Right now I'm in an analysis course and we are on differentiation of multivariable functions. I know that if we have a set of functions f: $\mathbb{R^{n}}$ to $\mathbb{R^{m}}$, the derivative of a function at a point is defined as m x n matrix of partial derivatives. 
However, this matrix is written in terms of the standard basis for $\mathbb{R^{n}}$ and the standard basis for $\mathbb{R^{m}}$. I want to rewrite this matrix in terms of a standard basis for $\mathbb{R^{n}}$ and the standard basis for $\mathbb{R^{n}}$. I.e. I want to find:
, where B is a basis given for $\mathbb{R^{n}}$.
My linear algebra is pretty rusty and I'm not sure even if the matrix would change at all. Any help, ideas would be very much appreciated.
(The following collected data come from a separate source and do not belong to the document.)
(* Let $K\in\mathcal S_n$ be nonempty and bounded and let $u\in S^{n-1}$. Assume that for every $x\in P_{u^\perp}(K)$, writing $K\cap(x+\mathbb Ru)=[x+su,x+tu]$, there exist $z,w\in\mathbb R^n$ such that the lens $L=B(z,1)\cap B(w,1)$ satisfies $K\subseteq L$, $x+tu\in\partial L$, $x+su\in\partial L$, and $S_u(L)\in\mathcal S_n$. Then $S_u(K)\in\mathcal S_n$.
   Context: For $x\in\mathbb R^n$, $B(x,1)$ is the closed Euclidean unit ball centered at $x$. The class $\mathcal S_n$ of ball-bodies consists of all intersections of families of closed Euclidean unit balls in $\mathbb R^n$. $P_{u^\perp}$ denotes orthogonal projection onto $u^\perp$. For a compact convex set $K$ and $u\in S^{n-1}$, for each $x\in P_{u^\perp}(K)$ write $K\cap(x+\mathbb Ru)=[x+a(x)u,x+b(x)u]$; the Steiner symmetral is $S_u(K)=\{x+yu: x\in P_{u^\perp}(K),\ |y|\le |b(x)-a(x)|/2\}$. *)

From HB Require Import structures.
From mathcomp Require Import all_boot all_order all_algebra.
From mathcomp Require Import reals.
Set Implicit Arguments. Unset Strict Implicit. Unset Printing Implicit Defensive.
Import Order.TTheory GRing.Theory Num.Theory.
Local Open Scope ring_scope.

Section Defs.
Variables (R : realType) (n : nat).
Notation V := 'rV[R]_n.

Definition edot (x y : V) : R := (x *m y^T) 0 0.
Definition enorm (x : V) : R := Num.sqrt (edot x x).

Definition cball (c : V) : V -> Prop := fun y => enorm (y - c) <= 1.

Definition ball_body (K : V -> Prop) : Prop :=
  exists F : V -> Prop, forall y, K y <-> (forall c, F c -> cball c y).

Definition lens (z w : V) : V -> Prop := fun y => cball z y /\ cball w y.

Definition ebdry (L : V -> Prop) (p : V) : Prop :=
  forall e : R, 0 < e ->
    (exists y, enorm (y - p) < e /\ L y) /\ (exists y, enorm (y - p) < e /\ ~ L y).

(* orthogonal projection onto u^perp (u a unit vector) *)
Definition proj_perp (u x : V) : V := x - edot x u *: u.

Definition in_proj (u : V) (K : V -> Prop) (x : V) : Prop :=
  exists k, K k /\ x = proj_perp u k.

(* Steiner symmetral (for compact convex K, where K ∩ (x+Ru) is a segment
   [x+a(x)u, x+b(x)u]):  x + y u with x ∈ P_{u^perp}(K) and |y| <= (b(x)-a(x))/2.
   Since the chord is the closed segment, |y| <= (b-a)/2 iff there are
   s,t with x+su, x+tu ∈ K and 2|y| <= t - s. *)
Definition steiner (u : V) (K : V -> Prop) : V -> Prop :=
  fun p => exists x y, in_proj u K x /\ p = x + y *: u /\
    exists s t, K (x + s *: u) /\ K (x + t *: u) /\ 2 * `|y| <= t - s.

Definition bounded_set (K : V -> Prop) : Prop :=
  exists M : R, forall x, K x -> enorm x <= M.

End Defs.

From Pilot Require Import Defs.
From HB Require Import structures.
From mathcomp Require Import all_boot all_order all_algebra.
From mathcomp Require Import all_classical all_reals all_analysis.
From mathcomp Require Import ring lra.

(* Write a point outside S_u(K) as x + r u with x orthogonal to u.  It suffices to
   find a unit ball containing S_u(K) but not x + r u, and every unit ball B(c,1)
   containing K gives the unit ball B(P c,1) containing S_u(K), P the projection onto
   u^perp.
   Ball bodies are spindle convex: a point of a chord of K can be moved off the chord
   in any direction by an amount quadratic in the chord length without leaving K.
   Hence, if x is not in P(K), the point k0 of K with P k0 nearest to x is supported
   by the unit ball centred at k0 - v, v the unit vector from P k0 towards x, whose
   projected centre is farther than 1 from x.
   If the chord of K over x is [x + s u, x + t u] with s < t, the lens L of the
   hypothesis has both endpoints on its boundary, so its own chord over x is no
   longer (otherwise an endpoint would be interior to L); as t - s < 2|r|, the point
   x + r u lies outside the ball body S_u(L), which contains S_u(K).
   If the chord is a single point, either K is that point, or moving x slightly away
   from the projection of another point of K leaves P(K), by spindle convexity again,
   and the first case applied at the moved point still separates x + r u. *)

Set Implicit Arguments. Unset Strict Implicit. Unset Printing Implicit Defensive.
Import Order.TTheory GRing.Theory Num.Theory.
Import numFieldNormedType.Exports.
Local Open Scope classical_set_scope.
Local Open Scope ring_scope.

Section BallBodies.
Variables (R : realType) (n : nat).
Notation V := 'rV[R]_n.
Implicit Types (x y z c u v w : V).

Lemma edotE x y : edot x y = \sum_j x 0 j * y 0 j.
Proof. by rewrite /edot !mxE; apply: eq_bigr => j _; rewrite mxE. Qed.

Lemma edotC x y : edot x y = edot y x.
Proof. by rewrite !edotE; apply: eq_bigr => j _; rewrite mulrC. Qed.

Lemma edotDl x y z : edot (x + y) z = edot x z + edot y z.
Proof. by rewrite !edotE -big_split; apply: eq_bigr => j _; rewrite mxE mulrDl. Qed.

Lemma edotZl (k : R) x y : edot (k *: x) y = k * edot x y.
Proof. by rewrite !edotE mulr_sumr; apply: eq_bigr => j _; rewrite mxE mulrA. Qed.

Lemma edotNl x y : edot (- x) y = - edot x y.
Proof. by rewrite -scaleN1r edotZl mulN1r. Qed.

Lemma edotBl x y z : edot (x - y) z = edot x z - edot y z.
Proof. by rewrite edotDl edotNl. Qed.

Lemma edotDr x y z : edot z (x + y) = edot z x + edot z y.
Proof. by rewrite edotC edotDl !(edotC z). Qed.

Lemma edotZr (k : R) x y : edot y (k *: x) = k * edot y x.
Proof. by rewrite edotC edotZl edotC. Qed.

Lemma edotNr x y : edot y (- x) = - edot y x.
Proof. by rewrite edotC edotNl edotC. Qed.

Lemma edotBr x y z : edot z (x - y) = edot z x - edot z y.
Proof. by rewrite edotDr edotNr. Qed.

Lemma edot0l x : edot 0 x = 0.
Proof. by rewrite -(scale0r 0) edotZl mul0r. Qed.

Lemma edot_ge0 x : 0 <= edot x x.
Proof. by rewrite edotE; apply: sumr_ge0 => j _; rewrite -expr2 sqr_ge0. Qed.

Lemma edot_eq0 x : edot x x = 0 -> x = 0.
Proof.
rewrite edotE => /eqP; rewrite psumr_eq0; last by move=> j _; rewrite -expr2 sqr_ge0.
move=> /allP x0; apply/rowP => j; rewrite mxE.
have /x0 : j \in index_enum 'I_n by rewrite mem_index_enum.
by rewrite /= mulf_eq0 orbb => /eqP.
Qed.

Lemma edot_gt0 x : x != 0 -> 0 < edot x x.
Proof.
move=> x0; rewrite lt_neqAle edot_ge0 andbT eq_sym.
by apply: contra x0 => /eqP/edot_eq0 ->.
Qed.

Lemma sqr_coord_le_edot x (j : 'I_n) : x 0 j ^+ 2 <= edot x x.
Proof.
rewrite edotE (bigD1 j) //= -expr2 lerDl.
by apply: sumr_ge0 => i _; rewrite -expr2 sqr_ge0.
Qed.

Lemma edot_sqrD x y : edot (x + y) (x + y) = edot x x + 2 * edot x y + edot y y.
Proof. rewrite !(edotDl, edotDr) (edotC y x); ring. Qed.

Lemma edot_sqrB x y : edot (x - y) (x - y) = edot x x - 2 * edot x y + edot y y.
Proof. rewrite !(edotBl, edotBr) (edotC y x); ring. Qed.

Lemma edot_sqrZ (k : R) x : edot (k *: x) (k *: x) = k ^+ 2 * edot x x.
Proof. rewrite edotZl edotZr; ring. Qed.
Thank you!
Let $\varphi \colon \Bbb{R}^n \to \Bbb{R}^n$ be a change of coordinates given by $\varphi(x_1,\dots,x_n) = (y_1,\dots,y_n)$, where each $y_i$ is a function of $x_1,\dots,x_n$. Then you can express your function $f \colon \Bbb{R}^n \to \Bbb{R}^m$ in the $y$-coordinates by composing with $\varphi^{-1}$. That is, the composition $f \circ \varphi^{-1}$. This is because $\varphi^{-1}$ first changes back to the original coordinates, and then applies the map $f$.
The chain rule says that the derivative of a composion is the composition of the derivatives. Using the notation you've written above, let's call $a=(x_1,\dots,x_n)$ a point in the original coordinates, and let's call $b = \varphi(a) = (y_1,\dots,y_n)$ the representation of the same point in the new coordinates. Then the chain rule says that $D(f \circ \varphi^{-1})(b) = Df(a) \cdot D\varphi^{-1}(b)$.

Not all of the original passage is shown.